By Xiaoyi Shao and Kevin Yao
BEIJING (Reuters) - China's export performance in September beat forecasts, taking some pressure off policymakers as they try to avert a sharp downturn in the world's second-largest economy, but domestic demand likely remains weak despite surprisingly firmer imports.
Economists said it was too early to tell if China's trade sector has turned the corner, adding that unexpectedly buoyant imports last month could be do to one-off factors, such as factories taking advantage of sliding global commodity prices to replenish inventories of iron ore, copper and oil.
"Today's data is less good news than it appears," said Louis Kuijs, chief China economist at Royal Bank of Scotland in Hong Kong.
"It suggests that China's export growth is holding up. However, the important caveat coming from the breakdown of the import data suggests that demand growth in China's own economy remains weak."
Exports rose 15.3 percent in September from a year earlier, beating a median forecast in a Reuters poll for a rise of 11.8 percent and quickening from August's 9.4 percent rise.
Imports rose 7 percent in terms of value, compared to a Reuters estimate for a 2.7 percent fall. Iron ore imports rebounded to the second highest this year and monthly crude oil imports rose to the second highest on record.
As a result, China posted a trade surplus of $31 billion (19.24 billion pounds) in September, down from $49.8 billion (30.90 billion pounds) in August.
Most analysts expect China's exports to stay relatively robust in the coming months as global demand, especially from the United States, strengthens.
But they say it is too early to see a pick-up in China's domestic demand as its property market continues to slow, weighing on the broader economy.
"We expect the surge in import growth to prove short-lived," Julian Evans-Pritchard, China Economist at Capital Economics, said in a research note.
The property downturn is widely seen by analysts as the biggest single threat to China's economy, and the slowdown there could well determine the shape and scope of any more stimulus measures that Beijing decides to roll out in coming months.
Facing falling house prices in a record number of cities and fears that cash-strapped property developers could be pushed into default, the government relaxed lending rules for home buyers in late September.
But it is not yet clear if that move will be enough to stabilise prices. Economists cite huge inventories of unsold homes and state media report that banks are reluctant to offer big discounts on mortgages for fear of hurting their earnings.
Buffeted by unsteady exports and the housing downturn, China's economy has had a bumpy ride this year, prompting a flurry of government stimulus measures aimed at the most vulnerable sectors.

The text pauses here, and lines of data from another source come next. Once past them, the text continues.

Lemma exp_taylor1_le (s : R) : Rabs s <= 1 / 2 -> Rabs (exp s - 1 - s) <= 2 * s ^ 2.
Proof.
  intros Hs. apply Rabs_le_between in Hs.
  pose proof (exp_ineq1_le s). pose proof (exp_ineq1_le (- s)).
  assert (exp s <= / (1 - s)).
  { rewrite <- (Rinv_inv (exp s)). apply Rinv_le_contravar; [lra|]. rewrite <- exp_Ropp. lra. }
  assert (/ (1 - s) - 1 - s = s ^ 2 / (1 - s)) by (field; lra).
  assert (/ (1 - s) <= 2) by (replace 2 with (/ (1 / 2)) by field; apply Rinv_le_contravar; lra).
  assert (s ^ 2 / (1 - s) <= 2 * s ^ 2) by (unfold Rdiv; pose proof (pow2_ge_0 s); nra).
  apply Rabs_le. pose proof (pow2_ge_0 s). lra.
Qed.

Lemma cos_taylor2_le (a : R) : Rabs a <= 1 -> Rabs (cos a - 1 + a ^ 2 / 2) <= a ^ 4 / 24.
Proof.
  intros Ha. apply Rabs_le_between in Ha.
  pose proof (pre_cos_bound a 0 ltac:(lra) ltac:(lra)) as [H1 H2].
  unfold cos_approx, cos_term in H1, H2. simpl in H1, H2.
  apply Rabs_le. split; simpl in *; nra.
Qed.

Lemma sin_taylor1_le (a : R) : Rabs a <= 1 -> Rabs (sin a - a) <= Rabs a ^ 3.
Proof.
  assert (Hpos : forall b, 0 <= b <= 1 -> Rabs (sin b - b) <= b ^ 3).
  { intros b Hb. pose proof (pre_sin_bound b 0 ltac:(lra) ltac:(lra)) as [H1 H2].
    unfold sin_approx, sin_term in H1, H2. simpl in H1, H2.
    assert (0 <= b ^ 3) by (apply pow_le; lra).
    assert (b ^ 5 <= b ^ 3).
    { replace (b ^ 5) with (b ^ 3 * (b * b)) by ring.
      rewrite <- (Rmult_1_r (b ^ 3)) at 2. apply Rmult_le_compat_l; nra. }
    apply Rabs_le. field_simplify in H1. field_simplify in H2. split; nra. }
  intros Ha. destruct (Rle_dec 0 a) as [Hnn|Hneg].
  - rewrite (Rabs_pos_eq a) in * by lra. apply Hpos. lra.
  - rewrite (Rabs_left a) in * by lra.
    replace (sin a - a) with (- (sin (- a) - - a)) by (rewrite sin_neg; ring).
    rewrite Rabs_Ropp. apply Hpos. lra.
Qed.

Lemma cos_sub_1_abs_le (t : R) : Rabs t <= 1 -> Rabs (cos t - 1) <= t ^ 2.
Proof.
  intros Ht. pose proof (cos_taylor2_le t Ht).
  replace (cos t - 1) with ((cos t - 1 + t ^ 2 / 2) - t ^ 2 / 2) by ring.
  eapply Rle_trans; [apply Rabs_triang|].
  rewrite Rabs_Ropp, (Rabs_pos_eq (t ^ 2 / 2)) by (pose proof (pow2_ge_0 t); lra).
  assert (t ^ 2 <= 1) by (rewrite <- pow2_abs; pose proof (Rabs_pos t); simpl; nra).
  assert (t ^ 4 <= t ^ 2)
    by (replace (t ^ 4) with (t ^ 2 * t ^ 2) by ring; pose proof (pow2_ge_0 t); nra).
  pose proof (pow2_ge_0 t). lra.
Qed.

Lemma exp_cos_expansion (s r t0 d : R) :
  0 <= d <= 1 / 2 -> Rabs s <= d ^ 2 -> Rabs r <= d ^ 2 -> Rabs t0 <= d ->
  Rabs (exp s * cos (t0 + r) - (1 + s - t0 ^ 2 / 2)) <= 16 * d ^ 3.
Proof.
  intros Hd Hs Hr Ht0. set (t := t0 + r).
  pose proof (Rabs_pos s). pose proof (Rabs_pos r). pose proof (Rabs_pos t0).
  assert (Hd2 : d ^ 2 <= d / 2) by (simpl; nra).
  assert (Ht : Rabs t <= 2 * d) by (unfold t; eapply Rle_trans; [apply Rabs_triang|lra]).
  pose proof (Rabs_pos t).
  assert (Ht2 : t ^ 2 <= 4 * d ^ 2) by (rewrite <- pow2_abs; simpl; nra).
  assert (Hs2 : s ^ 2 <= d ^ 4) by (rewrite <- pow2_abs; replace (d ^ 4) with (d ^ 2 * d ^ 2) by ring; simpl in *; nra).
  assert (Hd43 : d ^ 4 <= d ^ 3 / 2)
    by (replace (d ^ 4) with (d ^ 3 * d) by ring; pose proof (pow_le d 3 (proj1 Hd)); nra).
  pose proof (exp_taylor1_le s ltac:(lra)) as E1.
  pose proof (cos_taylor2_le t ltac:(lra)) as E2.
  assert (Hcos : Rabs (cos t) <= 1) by (apply Rabs_le, COS_bound).
  replace (exp s * cos t - (1 + s - t0 ^ 2 / 2)) with
    ((- r) * (t0 + t) / 2 + (cos t - 1 + t ^ 2 / 2) + s * (cos t - 1) + (exp s - 1 - s) * cos t)
    by (unfold t; field).
  clearbody t.
  assert (B1 : Rabs ((- r) * (t0 + t) / 2) <= 2 * d ^ 3).
  { unfold Rdiv. rewrite !Rabs_mult, Rabs_Ropp, (Rabs_pos_eq (/ 2)) by lra.
    assert (Rabs (t0 + t) <= 3 * d) by (eapply Rle_trans; [apply Rabs_triang|lra]).
    pose proof (Rabs_pos (t0 + t)). simpl in *. nra. }
  assert (B2 : Rabs (cos t - 1 + t ^ 2 / 2) <= d ^ 3).
  { assert (t ^ 4 <= 16 * d ^ 4) by (replace (t ^ 4) with (t ^ 2 * t ^ 2) by ring;
      pose proof (pow2_ge_0 t); replace (16 * d ^ 4) with (4 * d ^ 2 * (4 * d ^ 2)) by ring; nra).
    pose proof (pow_le d 4 (proj1 Hd)). lra. }
  assert (B3 : Rabs (s * (cos t - 1)) <= 4 * d ^ 4).
  { rewrite Rabs_mult. pose proof (cos_sub_1_abs_le t ltac:(lra)).
    pose proof (Rabs_pos (cos t - 1)). replace (4 * d ^ 4) with (d ^ 2 * (4 * d ^ 2)) by ring.
    apply Rmult_le_compat; lra. }
  assert (B4 : Rabs ((exp s - 1 - s) * cos t) <= 2 * d ^ 4).
  { rewrite Rabs_mult. pose proof (Rabs_pos (cos t)). pose proof (Rabs_pos (exp s - 1 - s)). nra. }
  pose proof (Rabs_triang ((- r) * (t0 + t) / 2 + (cos t - 1 + t ^ 2 / 2) + s * (cos t - 1))
                          ((exp s - 1 - s) * cos t)).
  pose proof (Rabs_triang ((- r) * (t0 + t) / 2 + (cos t - 1 + t ^ 2 / 2)) (s * (cos t - 1))).
  pose proof (Rabs_triang ((- r) * (t0 + t) / 2) (cos t - 1 + t ^ 2 / 2)).
  assert (0 <= d ^ 3) by (apply pow_le; lra). lra.
Qed.

Lemma exp_sin_expansion (s r t0 d : R) :
  0 <= d <= 1 / 2 -> Rabs s <= d ^ 2 -> Rabs r <= d ^ 2 -> Rabs t0 <= d ->
  Rabs (exp s * sin (t0 + r) - (t0 + r)) <= 16 * d ^ 3.
Proof.
  intros Hd Hs Hr Ht0. set (t := t0 + r).
  pose proof (Rabs_pos s). pose proof (Rabs_pos t0).
  assert (Hd2 : d ^ 2 <= d / 2) by (simpl; nra).
  assert (Ht : Rabs t <= 2 * d) by (unfold t; eapply Rle_trans; [apply Rabs_triang|lra]).
  pose proof (Rabs_pos t).
  assert (Hs2 : s ^ 2 <= d ^ 2 / 4) by (rewrite <- pow2_abs; simpl in *; nra).
  pose proof (exp_taylor1_le s ltac:(lra)) as E1.
  pose proof (sin_taylor1_le t ltac:(lra)) as E3.
  assert (Ht3 : Rabs t ^ 3 <= 8 * d ^ 3)
    by (replace (8 * d ^ 3) with ((2 * d) ^ 3) by ring; apply pow_incr; lra).
  assert (Hsin : Rabs (sin t) <= 4 * d).
  { replace (sin t) with ((sin t - t) + t) by ring. eapply Rle_trans; [apply Rabs_triang|].
    assert (Rabs t ^ 3 <= Rabs t) by (simpl; nra). lra. }
  assert (Hexp : Rabs (exp s - 1) <= 2 * d ^ 2).
  { replace (exp s - 1) with ((exp s - 1 - s) + s) by ring.
    eapply Rle_trans; [apply Rabs_triang|]. lra. }
  replace (exp s * sin t - t) with ((sin t - t) + (exp s - 1) * sin t) by ring.
  eapply Rle_trans; [apply Rabs_triang|]. rewrite Rabs_mult.
  pose proof (Rabs_pos (exp s - 1)). pose proof (Rabs_pos (sin t)).
  assert (Rabs (exp s - 1) * Rabs (sin t) <= 2 * d ^ 2 * (4 * d)) by (apply Rmult_le_compat; lra).
  simpl in *. nra.
Qed.

Lemma phase_abs_le (kap e0 th x y : R) : 0 <= kap -> in_Khat x y ->
  Rabs (kap * sqrt e0 * (cos th * (x - xK) + sin th * (y - yK))) <= kap * sqrt e0.
Proof.
  intros Hk [Hx Hy]. unfold xK, yK.
  assert (Hks : 0 <= kap * sqrt e0) by (apply Rmult_le_pos; [lra|apply sqrt_pos]).
  rewrite Rabs_mult, (Rabs_pos_eq (kap * sqrt e0)) by exact Hks.
  assert (Rabs (cos th * (x - 1 / 2) + sin th * (y - 1 / 2)) <= 1).
  { eapply Rle_trans; [apply Rabs_triang|]. rewrite !Rabs_mult.
    assert (Rabs (cos th) <= 1) by apply Rabs_le, COS_bound.
    assert (Rabs (sin th) <= 1) by apply Rabs_le, SIN_bound.
    assert (Rabs (x - 1 / 2) <= 1 / 2) by (apply Rabs_le; lra).
    assert (Rabs (y - 1 / 2) <= 1 / 2) by (apply Rabs_le; lra).
    pose proof (Rabs_pos (cos th)). pose proof (Rabs_pos (sin th)).
    pose proof (Rabs_pos (x - 1 / 2)). pose proof (Rabs_pos (y - 1 / 2)). nra. }
  nra.
Qed.

Lemma gpw_expansion e q M1 kap th x y :
  (1 <= q)%nat -> 0 <= M1 -> 0 <= kap ->
  (1 + M1 + sqrt (e xK yK)) * kap <= 1 / 2 -> in_Khat x y ->
  Cmod (gpw_P_high kap e q th x y) <= M1 * kap ^ 2 ->
  let t0 := kap * sqrt (e xK yK) * (cos th * (x - xK) + sin th * (y - yK)) in
  let d := (1 + M1 + sqrt (e xK yK)) * kap in
  Rabs (fst (gpw kap e q th x y) - (1 + fst (gpw_P_high kap e q th x y) - t0 ^ 2 / 2))
    <= 16 * d ^ 3 /\
  Rabs (snd (gpw kap e q th x y) - (t0 + snd (gpw_P_high kap e q th x y))) <= 16 * d ^ 3.
Proof.
  intros Hq HM1 Hk Hd Hxy Hhigh t0 d.
  pose proof (sqrt_pos (e xK yK)).
  assert (Hd0 : 0 <= d <= 1 / 2) by (unfold d; split; [apply Rmult_le_pos|]; lra).
  assert (Hhd : M1 * kap ^ 2 <= d ^ 2)
    by (unfold d; rewrite Rpow_mult_distr; apply Rmult_le_compat_r; [apply pow2_ge_0|simpl; nra]).
  assert (Ht0 : Rabs t0 <= d).
  { eapply Rle_trans; [apply phase_abs_le; auto|]. unfold d. nra. }
  unfold gpw. rewrite gpw_P_split by exact Hq. fold t0.
  pose proof (Rabs_fst_le_Cmod (gpw_P_high kap e q th x y)).
  pose proof (Rabs_snd_le_Cmod (gpw_P_high kap e q th x y)).
  destruct (gpw_P_high kap e q th x y) as [s r]. simpl in *.
  replace (0 + s) with s by ring.
  split; [apply exp_cos_expansion|apply exp_sin_expansion]; auto; lra.
Qed.

(** * Discrete moments of equispaced directions *)

Definition theta_dir (p l : nat) : R := 2 * PI * INR l / INR p.

Lemma sum_telescope (g : nat -> R) (N : nat) :
  sum_f_R0 (fun l => g (S l) - g l) N = g (S N) - g 0%nat.
Proof. induction N as [|N IH]; simpl; [ring|]. rewrite IH. ring. Qed.

(* Multiplying by [2 sin (x/2)] turns both sums into telescoping sums. *)
Lemma sum_cos_sin_arith_eq0 (p k : nat) (x : R) :
  (1 <= p)%nat -> 0 < x / 2 < PI -> INR p * x = 2 * INR k * PI ->
  sum_f_R0 (fun l => cos (INR l * x)) (p - 1) = 0 /\
  sum_f_R0 (fun l => sin (INR l * x)) (p - 1) = 0.
Proof.
  intros Hp Hx Hpx.
  assert (Hs : 0 < sin (x / 2)) by (apply sin_gt_0; lra).
  assert (Hpp : S (p - 1) = p) by lia.
  assert (Hend : forall f : R -> R, (forall z, f (z + 2 * INR k * PI) = f z) ->
            f (INR (S (p - 1)) * x - x / 2) = f (INR 0 * x - x / 2)).
  { intros f Hf. rewrite Hpp, Hpx. simpl INR.
    replace (2 * INR k * PI - x / 2) with (- (x / 2) + 2 * INR k * PI) by ring.
    rewrite Hf. f_equal. ring. }
  split; apply (Rmult_eq_reg_l (2 * sin (x / 2))); try lra; rewrite Rmult_0_r, scal_sum.
  - rewrite (sum_eq _ (fun l => sin (INR (S l) * x - x / 2) - sin (INR l * x - x / 2))).
    + rewrite (sum_telescope (fun l => sin (INR l * x - x / 2))), (Hend sin (fun z => sin_period z k)). ring.
    + intros l _. rewrite S_INR.
      replace ((INR l + 1) * x - x / 2) with (INR l * x + x / 2) by field.
      rewrite sin_plus, sin_minus. ring.
  - rewrite (sum_eq _ (fun l => (cos (INR (S l) * x - x / 2) - cos (INR l * x - x / 2)) * -1)).
    + rewrite <- scal_sum, (sum_telescope (fun l => cos (INR l * x - x / 2))),
        (Hend cos (fun z => cos_period z k)). ring.
    + intros l _. rewrite S_INR.
      replace ((INR l + 1) * x - x / 2) with (INR l * x + x / 2) by field.
      rewrite cos_plus, cos_minus. ring.
Qed.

The latest Reuters poll showed the economy likely grew at its weakest pace in more than five years in the third quarter as the property downturn weighed on demand, raising the chances of more aggressive policy steps that may include cutting interest rates.
If sustained, healthy growth in trade could temper such policy action.
NO HARD LANDING
Top policymakers have issued a steady stream of reassurances about the economy in recent days, citing among other things a strong services sector and a still resilient labour market.
Premier Li Keqiang said late last week that China will avoid a hard landing despite worries over the real-estate market. He also said he was confident the economy would continue to grow at a "medium to high tempo", forecasting growth of about 7.5 percent this year despite turbulence in the world economy.
Central Bank Governor Zhou Xiaochuan echoed that growth forecast on Monday, saying the job market is performing better than expected and adding that the central bank would continue to implement prudent monetary policy.
Third quarter GDP along with September retail sales, industrial output and investment data will be released on Oct. 21.
The data is expected to point to an economy that is still wobbling, raising questions about whether policymakers should do more to fight the slowdown.